(* There are constants $C_7$ and $D$ (depending only on $r$) and, for each $\eta>0$, a constant $\varepsilon_5(\eta)>0$ such that for every $\eta>0$, all large enough $n$, every $m\le\varepsilon_5(\eta)n$ and every $U\subset V_n$ with $|U|=m$, $$\mathbb P\big(|\partial U|\le(r-2-\eta)|U|\big)\le C_7\exp\big[-(1+\eta/4)\,m\log(n/m)+D m\big].$$
   Context: Fix an integer $r\ge3$, let $V_n=\{1,\dots,n\}$ with $rn$ even, and let $\mathbb P$ be the law of the random multigraph $G_n$ on $V_n$ obtained by giving each vertex $r$ half-edges and pairing all $rn$ half-edges uniformly at random. Write $y\sim x$ if $y$ and $x$ are joined by an edge of $G_n$. For $U\subset V_n$, $\partial U:=\{y\in U^c: y\sim x\text{ for some }x\in U\}$. *)

From mathcomp Require Import all_boot.
From Stdlib Require Import Reals.

Set Implicit Arguments.
Unset Strict Implicit.
Unset Printing Implicit Defensive.

(* Configuration model: vertex set V_n = 'I_n, each vertex x carries r
   half-edges (x, i), i : 'I_r. *)
Definition halfedge (n r : nat) : finType := ('I_n * 'I_r)%type.

Definition is_pairing (n r : nat) (f : {ffun halfedge n r -> halfedge n r}) : bool :=
  [forall h, (f (f h) == h) && (f h != h)].

Definition pairings (n r : nat) : {set {ffun halfedge n r -> halfedge n r}} :=
  [set f | is_pairing f].

Definition adj (n r : nat) (f : {ffun halfedge n r -> halfedge n r}) (y x : 'I_n) : bool :=
  [exists h : halfedge n r, (h.1 == x) && ((f h).1 == y)].

Definition boundary (n r : nat) (f : {ffun halfedge n r -> halfedge n r})
  (U : {set 'I_n}) : {set 'I_n} :=
  [set y | (y \notin U) && [exists x in U, adj f y x]].

Definition prob (n r : nat) (E : pred {ffun halfedge n r -> halfedge n r}) : R :=
  (INR #|[set f in pairings n r | E f]| / INR #|pairings n r|)%R.

(* For a pairing f, let W(f) consist of the half-edges at U matched outside U
   together with the half-edge of smaller rank of each edge inside U.  Then f
   maps W(f) into the half-edges at U and its boundary B, avoiding W(f), and
   r|U| + |B| <= 2|W(f)|.  Exposing the partners one at a time, each is uniform
   among the rn - 2j unmatched half-edges (conjugating by a transposition), so
   for fixed W and B this event has probability at most
   (r(m + |B|) / (rn - 2|W|))^|W| <= (2rm/n)^|W|.  With |W| >= (rm + |B|)/2 and
   |B| <= (r - 2 - eta) m this is at most (2r)^(rm) (m/n)^((1 + eta/2) m) (m/n)^|B|;
   summing over the 2^(rm) choices of W and over B, where sum_B (m/n)^|B| =
   (1 + m/n)^n <= e^m, gives the bound. *)

From mathcomp Require Import all_boot.
From Stdlib Require Import Reals.
From Stdlib Require Import Lra Psatz.
(* Importing Reals rebinds [_ ^ _] in nat_scope; re-importing ssrnat restores [expn]. *)
From mathcomp Require Import ssrnat perm zify.

Set Implicit Arguments.
Unset Strict Implicit.
Unset Printing Implicit Defensive.

Section FixedPointFreeInvolutions.
Variable T : finType.
Implicit Types (f : {ffun T -> T}) (ps : seq (T * T)).

Definition fpf_involutions : {set {ffun T -> T}} :=
  [set f : {ffun T -> T} | [forall h, (f (f h) == h) && (f h != h)]].

Lemma fpf_involutionP f :
  f \in fpf_involutions -> involutive f /\ forall h, f h != h.
Proof. by rewrite inE => /forallP fP; split=> h; case/andP: (fP h) => /eqP. Qed.

Definition conj_fun (s : T -> T) f : {ffun T -> T} := [ffun h => s (f (s h))].

Lemma conj_funK s : involutive s -> involutive (conj_fun s).
Proof. by move=> sK f; apply/ffunP => h; rewrite !ffunE !sK. Qed.

Lemma conj_fpf_involution s f :
  involutive s -> f \in fpf_involutions -> conj_fun s f \in fpf_involutions.
Proof.
move=> sK /fpf_involutionP[fK fN]; rewrite inE; apply/forallP => h.
rewrite !ffunE sK fK sK eqxx /=; apply: contra (fN (s h)) => /eqP e.
by rewrite -{2}e sK.
Qed.

Definition matched ps := unzip1 ps ++ unzip2 ps.

Definition extensions ps : {set {ffun T -> T}} :=
  [set f in fpf_involutions | all (fun p => f p.1 == p.2) ps].

Lemma extensions_nil : extensions [::] = fpf_involutions.
Proof. by apply/setP => f; rewrite inE andbT. Qed.

Lemma matched_cons x z ps : perm_eq (matched ((x, z) :: ps)) (x :: z :: matched ps).
Proof. by rewrite /matched /= perm_cons -cat1s perm_catCA. Qed.

Lemma uniq_matched_cons ps x z :
  uniq (matched ps) -> x \notin matched ps -> z \notin matched ps -> x != z ->
  uniq (matched ((x, z) :: ps)).
Proof. by move=> Mu xM zM xz; rewrite (perm_uniq (matched_cons _ _ _)) /= inE negb_or xM zM xz. Qed.

Lemma extension_partner_unmatched ps f x :
  f \in extensions ps -> x \notin matched ps -> f x \notin matched ps.
Proof.
rewrite inE => /andP[/fpf_involutionP[fK _] /allP fps]; apply: contra.
rewrite !mem_cat => /orP[] /mapP[p pps fxp]; have /eqP fp := fps p pps.
  by rewrite -(fK x) fxp fp (map_f _ pps) orbT.
by rewrite -(fK x) fxp -fp fK (map_f _ pps).
Qed.

(* Conjugating by the transposition of two unmatched points moves the
   partner of x from z to z' and fixes the rest of the partial matching. *)
Lemma card_extensions_cons_eq ps x z z' :
  z \notin matched ps -> z' \notin matched ps -> x != z -> x != z' ->
  #|extensions ((x, z) :: ps)| = #|extensions ((x, z') :: ps)|.
Proof.
suff le_ext a b : a \notin matched ps -> b \notin matched ps -> x != a -> x != b ->
    #|extensions ((x, a) :: ps)| <= #|extensions ((x, b) :: ps)|.
  by move=> *; apply/eqP; rewrite eqn_leq !le_ext.
move=> aU bU xa xb; have sK := @tpermK _ a b.
rewrite -(card_imset _ (can_inj (conj_funK sK))); apply/subset_leq_card/subsetP.
move=> _ /imsetP[f /setIdP[fP /= /andP[/eqP fx fps]] ->].
apply/setIdP; split; first exact: conj_fpf_involution.
have xfix : tperm a b x = x by apply: tpermD; rewrite eq_sym.
rewrite /= ffunE xfix fx tpermL eqxx /=.
have fixed y : y \in matched ps -> tperm a b y = y.
  by move=> yM; apply: tpermD; apply/eqP => e; [move: aU | move: bU]; rewrite e yM.
apply/allP => p pps; have /eqP fp := allP fps p pps.
have p1M : p.1 \in matched ps by rewrite mem_cat map_f.
have p2M : p.2 \in matched ps by rewrite mem_cat map_f ?orbT.
by rewrite ffunE (fixed _ p1M) fp (fixed _ p2M).
Qed.

Lemma extensions_cons ps x z :
  extensions ((x, z) :: ps) = [set f in extensions ps | f x == z].
Proof. by apply/setP => f; rewrite !inE /= andbA andbAC. Qed.

Lemma card_unmatched_other ps x : uniq (matched ps) -> x \notin matched ps ->
  #|[set y | (y \notin matched ps) && (y != x)]| = #|T| - size (matched ps) - 1.
Proof.
move=> Mu xM; have -> : [set y | (y \notin matched ps) && (y != x)] =
    ~: (x |: [set y | y \in matched ps]) by apply/setP => y; rewrite !inE negb_or andbC.
by rewrite cardsCs setCK cardsU1 inE (negPf xM) cardsE (card_uniqP Mu) subnDA subnAC.
Qed.

Lemma card_extensions_cons ps x z :
  uniq (matched ps) -> x \notin matched ps -> z \notin matched ps -> x != z ->
  #|extensions ((x, z) :: ps)| * (#|T| - size (matched ps) - 1) = #|extensions ps|.
Proof.
move=> Mu xM zM xz; rewrite -(card_unmatched_other Mu xM) mulnC -sum_nat_const.
rewrite -[#|extensions ps|]sum1_card [RHS](partition_big (fun f => f x)
  [in [set y | (y \notin matched ps) && (y != x)]]) /= => [|f fE]; last first.
  have [_ fN] := fpf_involutionP (setIdP fE).1.
  by rewrite inE extension_partner_unmatched ?fN.
apply: eq_bigr => y /[!inE] /andP[yM yx].
rewrite (card_extensions_cons_eq zM yM xz) 1?eq_sym // extensions_cons -sum1_card.
by apply: eq_bigl => f; rewrite inE.
Qed.

Section MapsInto.
Variable S : {set T}.

Definition maps_into_outside xs f := all (fun x => (f x \in S) && (f x \notin xs)) xs.

Lemma card_extensions_maps_into xs ps :
  uniq xs -> uniq (matched ps) -> {in xs, forall x, x \notin matched ps} ->
  #|[set f in extensions ps | maps_into_outside xs f]| *
    (#|T| - size (matched ps) - 2 * size xs) ^ size xs
  <= #|S| ^ size xs * #|extensions ps|.
Proof.
elim: xs ps => [|x xs IHxs] ps.
  by rewrite !expn0 muln1 mul1n => *; apply/subset_leq_card/subsetP => f /setIdP[].
rewrite cons_uniq => /andP[xxs xsu] Mu xsM; have xM := xsM x (mem_head x xs).
set K := _ - _ - _; set A := [set f in _ | _].
pose Z := [set z in S | [&& z \notin matched ps, z != x & z \notin xs]].
have partA : #|A| = \sum_(z in Z) #|[set f in A | f x == z]|.
  rewrite -sum1_card (partition_big (fun f => f x) [in Z]) /= => [|f].
    by apply: eq_bigr => z _; rewrite -sum1_card; apply: eq_bigl => f; rewrite !inE.
  rewrite inE => /andP[fE /andP[/andP[fxS]]].
  rewrite inE negb_or => /andP[fxx fxxs] _.
  by rewrite !inE fxS fxx fxxs extension_partner_unmatched.
have bound_z z : z \in Z ->
    #|[set f in A | f x == z]| * K ^ size xs <= #|S| ^ size xs * #|extensions ((x, z) :: ps)|.
  rewrite inE => /and4P[zS zM zx zxs].
  have Mu' : uniq (matched ((x, z) :: ps)) by apply: uniq_matched_cons; rewrite // eq_sym.
  have xsM' : {in xs, forall y, y \notin matched ((x, z) :: ps)}.
    move=> y yxs; rewrite (perm_mem (matched_cons _ _ _)) !inE !negb_or xsM ?inE ?yxs ?orbT // andbT.
    by apply/andP; split; apply/eqP => e; [move: xxs | move: zxs]; rewrite -e yxs.
  apply: leq_trans (IHxs _ xsu Mu' xsM'); rewrite (perm_size (matched_cons _ _ _)) /=.
  have -> : #|T| - (size (matched ps)).+2 - 2 * size xs = K by rewrite /K /=; lia.
  rewrite leq_mul2r; apply/orP; right; apply/subset_leq_card/subsetP => f.
  rewrite !inE => /andP[/andP[/andP[fP fps] /andP[_ fxs]] /eqP fx].
  rewrite /= fP fx eqxx fps; apply/allP => y yxs; case/andP: (allP fxs y yxs) => -> /=.
  by rewrite inE negb_or => /andP[].
rewrite expnS mulnCA mulnC partA !big_distrl /=.
apply: (@leq_trans (\sum_(z in Z) #|S| ^ size xs * #|extensions ps|)).
  apply: leq_sum => z zZ; have /[!inE] /and4P[_ zM zx _] := zZ.
  have KM : K <= #|T| - size (matched ps) - 1 by rewrite /K /=; lia.
  apply: leq_trans (leq_mul (bound_z z zZ) KM) _.
  by rewrite -mulnA card_extensions_cons // eq_sym.
rewrite sum_nat_const expnS -mulnA leq_mul2r; apply/orP; right.
by apply/subset_leq_card/subsetP => z /[!inE] /andP[].
Qed.

Definition fpf_involutions_into (X : {set T}) : {set {ffun T -> T}} :=
  [set f in fpf_involutions | [forall x in X, f x \in S :\: X]].

Lemma card_fpf_involutions_into X :
  #|fpf_involutions_into X| * (#|T| - 2 * #|X|) ^ #|X| <= #|S| ^ #|X| * #|fpf_involutions|.
Proof.
have := @card_extensions_maps_into (enum X) [::] (enum_uniq _) isT (fun _ _ => isT).
rewrite /= subn0 -cardE => H; rewrite extensions_nil in H.
apply: leq_trans H; rewrite leq_mul2r; apply/orP; right.
apply/subset_leq_card/subsetP => f /setIdP[fP /forall_inP fX].
rewrite inE fP; apply/allP => x; rewrite mem_enum => xX.
by have := fX x xX; rewrite !inE mem_enum andbC.
Qed.
End MapsInto.
End FixedPointFreeInvolutions.

Lemma leq_card_bigcup (T I : finType) (P : pred I) (F : I -> {set T}) :
  #|\bigcup_(i | P i) F i| <= \sum_(i | P i) #|F i|.
Proof.
elim/big_rec2: _ => [|i m A _ leAm]; first by rewrite cards0.
exact: leq_trans (leq_card_setU _ _).1 (leq_add (leqnn _) leAm).
Qed.

Lemma sum_subsets_pow (I : finType) (a b : nat) :
  \sum_(J : {set I}) a ^ #|J| * b ^ #|~: J| = (a + b) ^ #|I|.
Proof.
rewrite -prod_nat_const (bigA_distr _ _ (fun _ => a) (fun _ => b)).
apply: eq_bigr => J _; rewrite (bigID [in J]) /= -!prod_nat_const.
congr (_ * _); first by apply: eq_bigr => i ->.
by apply: eq_big => [i | i]; rewrite ?inE // => /negPf ->.
Qed.

Lemma leq_mul_pow_ratio (g p s d a n k : nat) :
  0 < d -> s * n <= a * d -> g * d ^ k <= s ^ k * p -> g * n ^ k <= a ^ k * p.
Proof.
move=> d_gt0 snad gds; rewrite -(leq_pmul2r (_ : 0 < d ^ k)) ?expn_gt0 ?d_gt0 //.
have pow_le : (s * n) ^ k <= (a * d) ^ k by elim: k {gds} => // k IH; rewrite !expnS leq_mul.
apply: (@leq_trans (s ^ k * p * n ^ k)); first by rewrite mulnAC leq_mul2r gds orbT.
by rewrite mulnAC -expnMn mulnAC -expnMn leq_mul2r pow_le orbT.
Qed.

Section RealLemmas.
Local Open Scope R_scope.

Lemma INR_sum_le_scaled (I : finType) (P : pred I) (g h : I -> nat) (c : R) :
  (forall i, P i -> INR (g i) <= c * INR (h i)) ->
  INR (\sum_(i | P i) g i)%N <= c * INR (\sum_(i | P i) h i)%N.
Proof.
move=> gh; apply: (big_ind2 (fun a b => INR a <= c * INR b)) => //=.
  by rewrite Rmult_0_r; lra.
by move=> a1 b1 a2 b2 ab1 ab2; rewrite !plus_INR; lra.
Qed.

Lemma exp_le_exp x y : x <= y -> exp x <= exp y.
Proof. by case/Rle_lt_or_eq_dec => [/exp_increasing|->]; lra. Qed.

○ ○ ○ ○ ○ ○ ○

* _Work instruction_: Of the entries above, repeat exactly the lines between the line with "[exists h : halfedge" and the line with "(* For a pairing", inclusive, and no others.

* _Finished task_:
  [exists h : halfedge n r, (h.1 == x) && ((f h).1 == y)].

Definition boundary (n r : nat) (f : {ffun halfedge n r -> halfedge n r})
  (U : {set 'I_n}) : {set 'I_n} :=
  [set y | (y \notin U) && [exists x in U, adj f y x]].

Definition prob (n r : nat) (E : pred {ffun halfedge n r -> halfedge n r}) : R :=
  (INR #|[set f in pairings n r | E f]| / INR #|pairings n r|)%R.

(* For a pairing f, let W(f) consist of the half-edges at U matched outside U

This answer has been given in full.